● **Task directions**
The lines to reproduce run from the first one below to the line containing "From mathcomp Require Import mpoly.", both included. Reproduce them exactly and nothing else.

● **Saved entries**
# # # # # # #
(* Let $F$ be an infinite field and let $R$ be a unital $F$-algebra (not necessarily associative) with $\dim_F R<\infty$. Let $f,g,h:R\to F$ be polynomial functions with $f=g\cdot h$ and $g(1)=h(1)=1$. Then $f$ is multiplicative if and only if both $g$ and $h$ are multiplicative.
   Context: A polynomial function $R\to F$ is one given, in coordinates with respect to an $F$-basis $a_1,\dots,a_m$ of $R$, by a polynomial in $F[x_1,\dots,x_m]$. A function $\phi:R\to F$ is multiplicative if $\phi(ab)=\phi(a)\phi(b)$ for all $a,b\in R$. *)

From HB Require Import structures.
From mathcomp Require Import all_boot all_order all_algebra.
From mathcomp Require Import mpoly.
Set Implicit Arguments. Unset Strict Implicit. Unset Printing Implicit Defensive.
Import Order.TTheory GRing.Theory.
Local Open Scope ring_scope.

Definition infinite_field (F : fieldType) : Prop :=
  forall s : seq F, exists x : F, x \notin s.

Record unital_algebra (F : fieldType) (R : vectType F) (mul : R -> R -> R)
    (one : R) : Prop := {
  mulDl : forall (a : F) (x y z : R), mul (a *: x + y) z = a *: mul x z + mul y z;
  mulDr : forall (a : F) (x y z : R), mul x (a *: y + z) = a *: mul x y + mul x z;
  mul1x : forall x : R, mul one x = x;
  mulx1 : forall x : R, mul x one = x
}.

Definition polynomial_fun (F : fieldType) (R : vectType F) (f : R -> F) : Prop :=
  exists b : (\dim (fullv : {vspace R})).-tuple R,
    basis_of fullv b /\
    exists p : {mpoly F[\dim (fullv : {vspace R})]},
      forall x : R, f x = p.@[fun i => coord b i x].

Definition multiplicative (F : fieldType) (R : vectType F) (mul : R -> R -> R)
    (f : R -> F) : Prop :=
  forall a b : R, f (mul a b) = f a * f b.

From Pilot Require Import Defs.
From HB Require Import structures.
From mathcomp Require Import all_boot all_order all_algebra.
From mathcomp Require Import mpoly ring.
From Stdlib Require Import Classical.
Set Implicit Arguments. Unset Strict Implicit. Unset Printing Implicit Defensive.
Import GRing.Theory.
(* GRing.Theory shadows Defs.multiplicative. *)
Import Defs.
Local Open Scope ring_scope.

(* Fix x, y and put M(s, t) = (1 + s(x - 1)) (1 + t(y - 1)), G = g o M and
   H = h o M, so that G(1, 1) = g(xy), G(1, 0) = g(x), G(0, 1) = g(y) and
   G(0, 0) = g(1). As the product is bilinear and unital, G and H are
   polynomial in each variable separately, and multiplicativity of f gives
   G(s, t) H(s, t) = P(s) Q(t) with P(s) = f(1 + s(x - 1)), Q(t) = f(1 + t(y - 1)).
   For each of the infinitely many s with P(s) != 0, G(s, .) divides Q; since Q
   has only finitely many divisors up to scalars, infinitely many of the G(s, .)
   are proportional. Hence G(s, t) G(s0, t0) = G(s, t0) G(s0, t) for infinitely
   many s, so for all s by polynomiality in s, and at the corners of the unit
   square this reads g(xy) g(1) = g(x) g(y). *)

Definition infinite (T : eqType) (S : T -> Prop) :=
  forall l : seq T, exists2 x, S x & x \notin l.

Definition polyfun (R : nzRingType) (u : R -> R) :=
  exists p : {poly R}, forall x, u x = p.[x].

Definition separated (R : nzRingType) (G : R -> R -> R) :=
  forall s1 s2 t1 t2, G s1 t1 * G s2 t2 = G s1 t2 * G s2 t1.

Section Infinite.
Variable T : eqType.
Implicit Types S : T -> Prop.

Lemma not_infinite_cover S : ~ infinite S -> exists l : seq T, forall x, S x -> x \in l.
Proof.
move=> notinfS; apply: NNPP => nocover; apply: notinfS => l.
apply: NNPP => noout; apply: nocover; exists l => x Sx.
by apply: NNPP => /negP xl; apply: noout; exists x.
Qed.

Lemma infinite_setD S (l : seq T) : infinite S -> infinite (fun x => S x /\ x \notin l).
Proof.
move=> infS l'; have [x Sx] := infS (l ++ l').
by rewrite mem_cat negb_or => /andP[xl xl']; exists x.
Qed.

Lemma infinite_uniq_seq S n : infinite S ->
  exists s : seq T, [/\ uniq s, size s = n & forall x, x \in s -> S x].
Proof.
move=> infS; elim: n => [|n [s [uniq_s size_s sS]]]; first by exists [::].
have [x Sx xs] := infS s; exists (x :: s); split => /=; [by rewrite xs | by rewrite size_s |].
by move=> y /predU1P[->|/sS].
Qed.

Lemma infinite_pigeonhole (A : eqType) S (C : T -> A -> Prop) (cls : seq A) :
  infinite S -> (forall x, S x -> exists2 e, e \in cls & C x e) ->
  exists2 e, e \in cls & infinite (fun x => S x /\ C x e).
Proof.
elim: cls S => [|e cls IH] S infS covered; first by have [x /covered[]] := infS [::].
have [infe|/not_infinite_cover[l cover]] := classic (infinite (fun x => S x /\ C x e)).
  by exists e; rewrite ?mem_head.
have [e' e'cls infe'] :
    exists2 e', e' \in cls & infinite (fun x => (S x /\ x \notin l) /\ C x e').
  apply: IH => [|x [Sx xl]]; first exact: infinite_setD.
  have [e'' /predU1P[-> Cxe|]] := covered x Sx; last by exists e''.
  by rewrite cover in xl.
exists e'; first by rewrite inE e'cls orbT.
by move=> l'; have [x [[Sx _] Cxe'] xl'] := infe' l'; exists x.
Qed.

End Infinite.

Lemma infinite_fieldT (F : fieldType) : infinite_field F -> infinite (fun _ : F => True).
Proof. by move=> infF l; have [x xl] := infF l; exists x. Qed.

Section PolyOnInfiniteSets.
Variable R : idomainType.
Implicit Types (S : R -> Prop) (p q : {poly R}).

Lemma poly_eq_on_infinite S p q : infinite S -> (forall x, S x -> p.[x] = q.[x]) -> p = q.
Proof.
move=> infS eq_pq; apply/eqP; rewrite -subr_eq0; apply/negPn/negP => pq_neq0.
have [s [uniq_s size_s sS]] := infinite_uniq_seq (size (p - q)) infS.
have roots_s : all (root (p - q)) s.
  by apply/allP => x /sS Sx; rewrite rootE !hornerE eq_pq ?subrr.
by have := max_poly_roots pq_neq0 roots_s uniq_s; rewrite size_s ltnn.
Qed.

Lemma polyfun_eq_on_infinite S (u v : R -> R) : infinite S ->
  polyfun u -> polyfun v -> (forall x, S x -> u x = v x) -> forall x, u x = v x.
Proof.
move=> infS [p up] [q vq] eq_uv x; rewrite up vq.
by congr _.[x]; apply: (poly_eq_on_infinite infS) => y Sy; rewrite -up -vq eq_uv.
Qed.

Lemma polyfun_mull (u : R -> R) c : polyfun u -> polyfun (fun x => c * u x).
Proof. by move=> [p up]; exists (c *: p) => x; rewrite hornerZ up. Qed.

End PolyOnInfiniteSets.

Lemma infinite_field_nonroots (F : fieldType) (p : {poly F}) :
  infinite_field F -> p != 0 -> infinite (fun x => p.[x] != 0).
Proof.
move=> infF p_neq0; apply: NNPP => /not_infinite_cover[l cover].
move/eqP: p_neq0; apply; apply: (poly_eq_on_infinite (infinite_setD l (infinite_fieldT infF))).
move=> x [_ xl]; rewrite horner0; apply/eqP; apply: NNPP => /negP px.
by rewrite cover in xl.
Qed.

Section DivisorsUpToAssociates.
Variable F : fieldType.
Implicit Types d p q : {poly F}.

Lemma dvdp_mul_split d p q : p != 0 -> d %| p * q ->
  exists e1 e2, [/\ e1 %| p, e2 %| q & d = e1 * e2].
Proof.
move=> p_neq0 d_pq; set e := gcdp d p.
have e_neq0 : e != 0 by rewrite gcdp_eq0 negb_and p_neq0 orbT.
exists e, (d %/ e); split; [exact: dvdp_gcdr | | by rewrite mulrC divpK ?dvdp_gcdl].
have : d %/ e * e %| p %/ e * q * e by rewrite divpK ?dvdp_gcdl // mulrAC divpK ?dvdp_gcdr.
by rewrite dvdp_mul2r // Gauss_dvdpr // coprimep_div_gcd // p_neq0 orbT.
Qed.

Lemma dvdp_eqp_finite q : q != 0 ->
  exists ds : seq {poly F}, forall d, d %| q -> exists2 e, e \in ds & d %= e.
Proof.
have [n] := ubnP (size q); elim: n q => // n IH q; rewrite ltnS => size_q q_neq0.
have [[d0 [d0q size_d0 d0_nassoc]]|] :=
  classic (exists d0, [/\ d0 %| q, size d0 != 1%N & ~~ (d0 %= q)]); last first.
  move=> no_proper; exists [:: 1; q] => d dq.
  have [/eqP|size_d] := eqVneq (size d) 1%N.
    by rewrite size_poly_eq1 => d_unit; exists 1; rewrite ?mem_head.
  exists q; first by rewrite !inE eqxx orbT.
  by apply: NNPP => /negP d_nassoc; apply: no_proper; exists d.
have d0_neq0 : d0 != 0 by apply: contraNneq q_neq0 => d0_eq0; rewrite -dvd0p -d0_eq0.
set q2 := q %/ d0; have qE : q = q2 * d0 by rewrite divpK.
have q2_neq0 : q2 != 0 by apply: contraNneq q_neq0 => q2_eq0; rewrite qE q2_eq0 mul0r.
have lt_d0q : (size d0 < size q)%N by rewrite ltn_neqAle dvdp_size_eqp // d0_nassoc dvdp_leq.
have lt_q2q : (size q2 < size q)%N.
  have : (1 < size d0)%N by rewrite ltn_neqAle eq_sym size_d0 lt0n size_poly_eq0.
  rewrite qE size_mul //; case: (size d0) => [|[|k]] // _.
  by rewrite !addnS /= ltnS leq_addr.
have [ds1 divs1] := IH q2 (leq_trans lt_q2q size_q) q2_neq0.
have [ds2 divs2] := IH d0 (leq_trans lt_d0q size_q) d0_neq0.
exists [seq e1 * e2 | e1 <- ds1, e2 <- ds2] => d; rewrite qE.
move=> /(dvdp_mul_split q2_neq0)[e1 [e2 [e1q2 e2d0 ->]]].
have [x1 x1ds1 e1x1] := divs1 _ e1q2; have [x2 x2ds2 e2x2] := divs2 _ e2d0.
exists (x1 * x2); first exact: allpairs_f.
exact: eqp_trans (eqp_mulr _ e1x1) (eqp_mull _ e2x2).
Qed.

End DivisorsUpToAssociates.

Lemma eqp_horner_cross (F : fieldType) (p q : {poly F}) x y :
  p %= q -> p.[x] * q.[y] = p.[y] * q.[x].
Proof. by move=> /eqpfP->; rewrite !hornerZ; ring. Qed.

Lemma separated_pivot (R : idomainType) (G : R -> R -> R) s0 t0 : G s0 t0 != 0 ->
  (forall s t, G s t * G s0 t0 = G s t0 * G s0 t) -> separated G.
Proof.
move=> pivot_neq0 cross s1 s2 t1 t2; apply: (mulIf pivot_neq0); apply: (mulIf pivot_neq0).
transitivity ((G s1 t1 * G s0 t0) * (G s2 t2 * G s0 t0)); first ring.
transitivity ((G s1 t2 * G s0 t0) * (G s2 t1 * G s0 t0)); last ring.
by rewrite !cross; ring.
Qed.

Section SeparatedFactor.
Variables (F : fieldType) (G H : F -> F -> F) (P Q : {poly F}).
Hypotheses (infF : infinite_field F) (P_neq0 : P != 0) (Q_neq0 : Q != 0).
Hypotheses (polyfun_Gr : forall s, polyfun (G s)) (polyfun_Gl : forall t, polyfun (G^~ t)).
Hypotheses (polyfun_H : forall s, polyfun (H s)).
Hypothesis GH_split : forall s t, G s t * H s t = P.[s] * Q.[t].

Let section_eqp s e := exists p : {poly F}, [/\ forall t, G s t = p.[t], p != 0 & p %= e].

Lemma dvdp_section s : P.[s] != 0 ->
  exists p : {poly F}, [/\ forall t, G s t = p.[t], p != 0 & p %| Q].
Proof.
move=> Ps_neq0; have [p Gp] := polyfun_Gr s; have [r Hr] := polyfun_H s.
have pr : p * r = P.[s] *: Q.
  apply: (poly_eq_on_infinite (infinite_fieldT infF)) => t _.
  by rewrite hornerM hornerZ -Gp -Hr GH_split.
exists p; split => //; last by rewrite -(dvdpZr _ _ Ps_neq0) -pr dvdp_mulr.
have : p * r != 0 by rewrite pr scale_poly_eq0 negb_or Ps_neq0.
by apply: contraNneq => ->; rewrite mul0r.
Qed.

Lemma infinite_proportional_sections : exists e, infinite (section_eqp ^~ e).
Proof.
have [ds divs] := dvdp_eqp_finite Q_neq0.
have [|e _ infe] :=
  @infinite_pigeonhole _ _ _ section_eqp ds (infinite_field_nonroots infF P_neq0).
  move=> s /dvdp_section[p [Gp p_neq0 pQ]]; have [e eds pe] := divs p pQ.
  by exists e => //; exists p.
by exists e => l; have [s [_ se] sl] := infe l; exists s.
Qed.

Lemma separated_factor : separated G.
Proof.
have [e infe] := infinite_proportional_sections.
have [s0 [p0 [Gp0 p0_neq0 p0e]] _] := infe [::].
have [t0 p0t0 _] := infinite_field_nonroots infF p0_neq0 [::].
apply: (@separated_pivot _ G s0 t0); first by rewrite Gp0.
move=> s t; rewrite mulrC [RHS]mulrC; move: s.
apply: (polyfun_eq_on_infinite infe); [exact: polyfun_mull | exact: polyfun_mull |].
move=> s [p [Gp _ pe]]; rewrite !Gp !Gp0.
by apply: eqp_horner_cross; apply: eqp_trans p0e _; rewrite eqp_sym.
Qed.

End SeparatedFactor.

Lemma polyfun_meval_affine (R : comNzRingType) n (p : {mpoly R[n]}) (c d : 'I_n -> R) :
  polyfun (fun s => p.@[fun i => s * c i + d i]).
Proof.
exists (\sum_(m <- msupp p) p@_m *: \prod_i (c i *: 'X + (d i)%:P) ^+ m i) => s.
rewrite mevalE horner_sum; apply: eq_bigr => m _.
rewrite hornerZ horner_prod; congr (_ * _); apply: eq_bigr => i _.
by rewrite horner_exp !hornerE mulrC.
Qed.

Lemma polynomial_fun_line (F : fieldType) (R : vectType F) (g : R -> F) (u v : R) :
  polynomial_fun g -> polyfun (fun s => g (s *: v + u)).
Proof.
move=> [b [_ [p gp]]].
have [q pq] := polyfun_meval_affine p (fun i => coord b i v) (fun i => coord b i u).
by exists q => s; rewrite gp -pq; apply: meval_eq => i /=; rewrite linearD linearZ.
Qed.

Section UnitalAlgebra.
Variables (F : fieldType) (R : vectType F) (mul : R -> R -> R) (one : R).
Hypothesis alg : unital_algebra mul one.

Definition on_mul_lines (g : R -> F) (a b : R) (s t : F) :=
  g (mul (s *: a + one) (t *: b + one)).

Lemma polyfun_on_mul_lines_r g a b s : polynomial_fun g -> polyfun (on_mul_lines g a b s).
Proof.
move=> pg; have [p gp] := polynomial_fun_line (s *: a + one) (mul (s *: a + one) b) pg.
by exists p => t; rewrite /on_mul_lines (mulDr alg) (mulx1 alg) gp.
Qed.

Lemma polyfun_on_mul_lines_l g a b t :
  polynomial_fun g -> polyfun (fun s => on_mul_lines g a b s t).
Proof.
move=> pg; have [p gp] := polynomial_fun_line (t *: b + one) (mul a (t *: b + one)) pg.
by exists p => s; rewrite /on_mul_lines (mulDl alg) (mul1x alg) gp.
Qed.

Lemma multiplicative_factor (f g h : R -> F) :
  infinite_field F -> polynomial_fun f -> polynomial_fun g -> polynomial_fun h ->
  (forall x, f x = g x * h x) -> multiplicative mul f -> f one != 0 -> g one = 1 ->
  multiplicative mul g.
Proof.
move=> infF pf pg ph fgh fM f1_neq0 g1 x y.
set a := x - one; set b := y - one.
have [P fP] := polynomial_fun_line one a pf; have [Q fQ] := polynomial_fun_line one b pf.
have nonzero_at0 v (p : {poly F}) : (forall s, f (s *: v + one) = p.[s]) -> p != 0.
  move=> fp; apply: contra_neq f1_neq0 => p_eq0.
  by have := fp 0; rewrite scale0r add0r p_eq0 horner0.
have sepG : separated (on_mul_lines g a b).
  apply: (separated_factor (H := on_mul_lines h a b) infF
           (nonzero_at0 _ _ fP) (nonzero_at0 _ _ fQ)).
  - by move=> s; apply: polyfun_on_mul_lines_r.
  - by move=> t; apply: polyfun_on_mul_lines_l.
  - by move=> s; apply: polyfun_on_mul_lines_r.
  - by move=> s t; rewrite /on_mul_lines -fgh fM fP fQ.
have := sepG 1 0 1 0; rewrite /on_mul_lines !scale1r !scale0r !add0r !subrK.
by rewrite !(mulx1 alg) (mul1x alg) g1 mulr1.
Qed.

End UnitalAlgebra.

Theorem proposition2p4 (F : fieldType) (R : vectType F)
    (mul : R -> R -> R) (one : R) (f g h : R -> F) :
  infinite_field F ->
  unital_algebra mul one ->
  polynomial_fun f -> polynomial_fun g -> polynomial_fun h ->
  (forall x : R, f x = g x * h x) ->
  g one = 1 -> h one = 1 ->
  (multiplicative mul f <-> multiplicative mul g /\ multiplicative mul h).
Proof.
move=> infF alg pf pg ph fgh g1 h1.
have f1_neq0 : f one != 0 by rewrite fgh g1 h1 mulr1 oner_neq0.
split=> [fM | [gM hM] x y]; last by rewrite !fgh gM hM mulrACA.
split; first exact: (multiplicative_factor alg infF pf pg ph fgh).
by apply: (multiplicative_factor alg infF pf ph pg) => // z; rewrite fgh mulrC.
Qed.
# # # # # # #
● **Answer for this exercise**
(* Let $F$ be an infinite field and let $R$ be a unital $F$-algebra (not necessarily associative) with $\dim_F R<\infty$. Let $f,g,h:R\to F$ be polynomial functions with $f=g\cdot h$ and $g(1)=h(1)=1$. Then $f$ is multiplicative if and only if both $g$ and $h$ are multiplicative.
   Context: A polynomial function $R\to F$ is one given, in coordinates with respect to an $F$-basis $a_1,\dots,a_m$ of $R$, by a polynomial in $F[x_1,\dots,x_m]$. A function $\phi:R\to F$ is multiplicative if $\phi(ab)=\phi(a)\phi(b)$ for all $a,b\in R$. *)

From HB Require Import structures.
From mathcomp Require Import all_boot all_order all_algebra.
From mathcomp Require Import mpoly.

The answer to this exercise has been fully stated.